Он подходит к бюро, берет из стопки небольшой квадратик бумаги, насыпает на него порошок от головной боли, складывает бумагу конусом и проглатывает лекарство, запивая водой. Черняков постоянно страдает от мигрени.
– Скажу тебе как другу. К чему скрывать, в этой войне вряд ли удастся выжить всем узникам гетто. В приютах для бездомных от голода и болезней люди умирают сотнями. Уму непостижимо. Вчера я вышел от врача с пачкой порошка от головной боли, вдруг на меня налетела какая-то женщина, выхватила пакет из рук и тут же проглотила содержимое, настолько она была голодна. – Черняков смотрит запавшими глазами. – Но пока мы можем заботиться о наших детях, защитить наших малышей, у нашего народа еще есть надежда. И пока она остается, я буду ходить во дворец Брюля каждый день, буду пытаться получить какие-то уступки для гетто, что угодно, чтобы помочь нашим людям пережить этот кошмар. И, постой-ка, я напишу записку насчет картошки. Скажи им, чтобы тебе выдали два мешка.
– Спасибо. Спасибо, друг мой. А нельзя ли выдать три?..
Глава 20Варшава, октябрь 1941 года
Миша уткнул подбородок в шарф, приподнял воротник. Проулок между двумя серыми фабриками в Воле безлюден, но Миша внимательно смотрит в обе стороны. Здесь, на углу улицы в арийской Варшаве, все кажется ему нереальным.

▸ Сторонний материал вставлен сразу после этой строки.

Lemma cont_at3_plus f g x u p : cont_at3 f x u p -> cont_at3 g x u p ->
  cont_at3 (fun x u p => f x u p + g x u p) x u p.
Proof. rewrite !cont_at3_continuous; apply (continuous_plus (V := R_NormedModule)). Qed.

Lemma cont_at3_mult f g x u p : cont_at3 f x u p -> cont_at3 g x u p ->
  cont_at3 (fun x u p => f x u p * g x u p) x u p.
Proof. rewrite !cont_at3_continuous; apply (continuous_mult (K := R_AbsRing)). Qed.

Lemma cont_at3_inv f x u p : f x u p <> 0 -> cont_at3 f x u p ->
  cont_at3 (fun x u p => / f x u p) x u p.
Proof.
intros hf; rewrite !cont_at3_continuous; intro H.
apply (continuous_comp (uncurry3 f) Rinv); [exact H | exact (continuous_Rinv _ hf)].
Qed.

Section Smoothness.

Variable U : R -> R -> R -> Prop.
Hypothesis hU : open3 U.

Lemma open3_locally x u p : U x u p ->
  locally x (fun t => U t u p) /\ locally u (fun t => U x t p) /\
  locally p (fun t => U x u t).
Proof.
intros h; destruct (hU _ _ _ h) as [e [he H]].
assert (h0 : Rabs 0 < e) by (rewrite Rabs_R0; exact he).
repeat split; exists (mkposreal e he); intros t ht; apply H;
  first [exact ht | rewrite Rminus_eq_0; exact h0].
Qed.

Lemma partials_ext_on f g x u p :
  (forall x u p, U x u p -> f x u p = g x u p) -> U x u p ->
  dx f x u p = dx g x u p /\ du f x u p = du g x u p /\ dp f x u p = dp g x u p.
Proof.
intros E h; destruct (open3_locally x u p h) as [Lx [Lu Lp]].
repeat split; apply Derive_ext_loc;
  (eapply filter_imp; [|eassumption]); intros t ht; apply E; exact ht.
Qed.

Lemma act_ext_on V f g x u p :
  (forall x u p, U x u p -> f x u p = g x u p) -> U x u p ->
  act V f x u p = act V g x u p.
Proof.
intros E h; destruct (partials_ext_on f g x u p E h) as [Ex [Eu Ep]].
unfold act; rewrite Ex, Eu, Ep; reflexivity.
Qed.

Lemma Cn_ext n : forall f g,
  (forall x u p, U x u p -> f x u p = g x u p) -> Cn U n f -> Cn U n g.
Proof.
induction n as [|m IH]; intros f g E Hf.
- intros x u p h e he.
  destruct (Hf x u p h e he) as [d [hd H]], (hU _ _ _ h) as [r [hr Hr]].
  exists (Rmin d r); split; [apply Rmin_pos; assumption|].
  intros x' u' p' a b c.
  pose proof (Rmin_l d r); pose proof (Rmin_r d r).
  rewrite <- (E x u p h), <- (E x' u' p' (Hr x' u' p' ltac:(lra) ltac:(lra) ltac:(lra))).
  apply H; lra.
- destruct Hf as [exf [F0 [Fx [Fu Fp]]]].
  split; [|split; [exact (IH f g E F0)|split; [|split]]].
  + intros x u p h; destruct (exf x u p h) as [a [b c]], (open3_locally x u p h) as [Lx [Lu Lp]].
    repeat split; (eapply ex_derive_ext_loc; [|eassumption]);
      (eapply filter_imp; [|eassumption]); intros t ht; apply E; exact ht.
  + apply (IH (dx f)); [|exact Fx]; intros; apply (partials_ext_on f g); assumption.
  + apply (IH (du f)); [|exact Fu]; intros; apply (partials_ext_on f g); assumption.
  + apply (IH (dp f)); [|exact Fp]; intros; apply (partials_ext_on f g); assumption.
Qed.

Lemma Cn_const n : forall c, Cn U n (fun _ _ _ => c).
Proof.
induction n as [|m IH]; intros c.
- intros x u p _; apply cont_at3_const.
- split; [|split; [apply IH|split; [|split]]].
  + intros; repeat split; apply ex_derive_const.
  + apply (Cn_ext _ (fun _ _ _ => 0)); [|apply IH]. intros; symmetry; exact (Derive_const _ _).
  + apply (Cn_ext _ (fun _ _ _ => 0)); [|apply IH]. intros; symmetry; exact (Derive_const _ _).
  + apply (Cn_ext _ (fun _ _ _ => 0)); [|apply IH]. intros; symmetry; exact (Derive_const _ _).
Qed.

Lemma Cn_p n : Cn U n (fun _ _ p => p).
Proof.
induction n as [|m IH].
- intros x u p _; apply cont_at3_p.
- split; [|split; [exact IH|split; [|split]]].
  + intros; repeat split; [apply ex_derive_const|apply ex_derive_const|apply ex_derive_id].
  + apply (Cn_ext _ (fun _ _ _ => 0)); [|apply Cn_const]. intros; symmetry; exact (Derive_const _ _).
  + apply (Cn_ext _ (fun _ _ _ => 0)); [|apply Cn_const]. intros; symmetry; exact (Derive_const _ _).
  + apply (Cn_ext _ (fun _ _ _ => 1)); [|apply Cn_const]. intros; symmetry; apply Derive_id.
Qed.

Lemma Cn_plus n : forall f g, Cn U n f -> Cn U n g ->
  Cn U n (fun x u p => f x u p + g x u p).
Proof.
induction n as [|m IH]; intros f g Hf Hg.
- intros x u p h; apply cont_at3_plus; [apply Hf|apply Hg]; exact h.
- destruct Hf as [exf [F0 [Fx [Fu Fp]]]], Hg as [exg [G0 [Gx [Gu Gp]]]].
  split; [|split; [exact (IH f g F0 G0)|split; [|split]]].
  + intros x u p h; destruct (exf x u p h) as [a [b c]], (exg x u p h) as [a' [b' c']].
    repeat split; apply (ex_derive_plus (K := R_AbsRing) (V := R_NormedModule)); assumption.
  + apply (Cn_ext _ (fun x u p => dx f x u p + dx g x u p)); [|exact (IH _ _ Fx Gx)].
    intros x u p h; destruct (exf x u p h) as [a _], (exg x u p h) as [a' _].
    symmetry; apply Derive_plus; assumption.
  + apply (Cn_ext _ (fun x u p => du f x u p + du g x u p)); [|exact (IH _ _ Fu Gu)].
    intros x u p h; destruct (exf x u p h) as [_ [b _]], (exg x u p h) as [_ [b' _]].
    symmetry; apply Derive_plus; assumption.
  + apply (Cn_ext _ (fun x u p => dp f x u p + dp g x u p)); [|exact (IH _ _ Fp Gp)].
    intros x u p h; destruct (exf x u p h) as [_ [_ c]], (exg x u p h) as [_ [_ c']].
    symmetry; apply Derive_plus; assumption.
Qed.

Lemma Cn_mult n : forall f g, Cn U n f -> Cn U n g ->
  Cn U n (fun x u p => f x u p * g x u p).
Proof.
induction n as [|m IH]; intros f g Hf Hg.
- intros x u p h; apply cont_at3_mult; [apply Hf|apply Hg]; exact h.
- destruct Hf as [exf [F0 [Fx [Fu Fp]]]], Hg as [exg [G0 [Gx [Gu Gp]]]].
  split; [|split; [exact (IH f g F0 G0)|split; [|split]]].
  + intros x u p h; destruct (exf x u p h) as [a [b c]], (exg x u p h) as [a' [b' c']].
    repeat split; apply ex_derive_mult; assumption.
  + apply (Cn_ext _ (fun x u p => dx f x u p * g x u p + f x u p * dx g x u p));
      [|apply Cn_plus; apply IH; assumption].
    intros x u p h; destruct (exf x u p h) as [a _], (exg x u p h) as [a' _].
    symmetry; apply Derive_mult; assumption.
  + apply (Cn_ext _ (fun x u p => du f x u p * g x u p + f x u p * du g x u p));
      [|apply Cn_plus; apply IH; assumption].
    intros x u p h; destruct (exf x u p h) as [_ [b _]], (exg x u p h) as [_ [b' _]].
    symmetry; apply Derive_mult; assumption.
  + apply (Cn_ext _ (fun x u p => dp f x u p * g x u p + f x u p * dp g x u p));
      [|apply Cn_plus; apply IH; assumption].
    intros x u p h; destruct (exf x u p h) as [_ [_ c]], (exg x u p h) as [_ [_ c']].
    symmetry; apply Derive_mult; assumption.
Qed.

По телу пробегает озноб, будто он, пришелец из другого измерения, очутился в запретном подземном мире. Воздух пронизан капельками тумана, и здания в мрачном послеполуденном свете кажутся нечеткими и призрачными. Для обитателей гетто арийская Варшава стала теперь не чем иным, как легендой, мечтой.
Если его поймают, он никогда не вернется домой.
Отсюда он видит Тадеуша и Ядвигу, они торопливо загружают мешки с крупой в тележку, которая стоит внутри склада у самого входа. Лошадь перебирает ногами и бьет копытом, животное чувствует напряженную атмосферу и тоже нервничает. Если Миша увидит, что кто-то идет, он снимет фуражку, а его соратники сразу набросят брезент на мешки с гречкой и исчезнут на складе.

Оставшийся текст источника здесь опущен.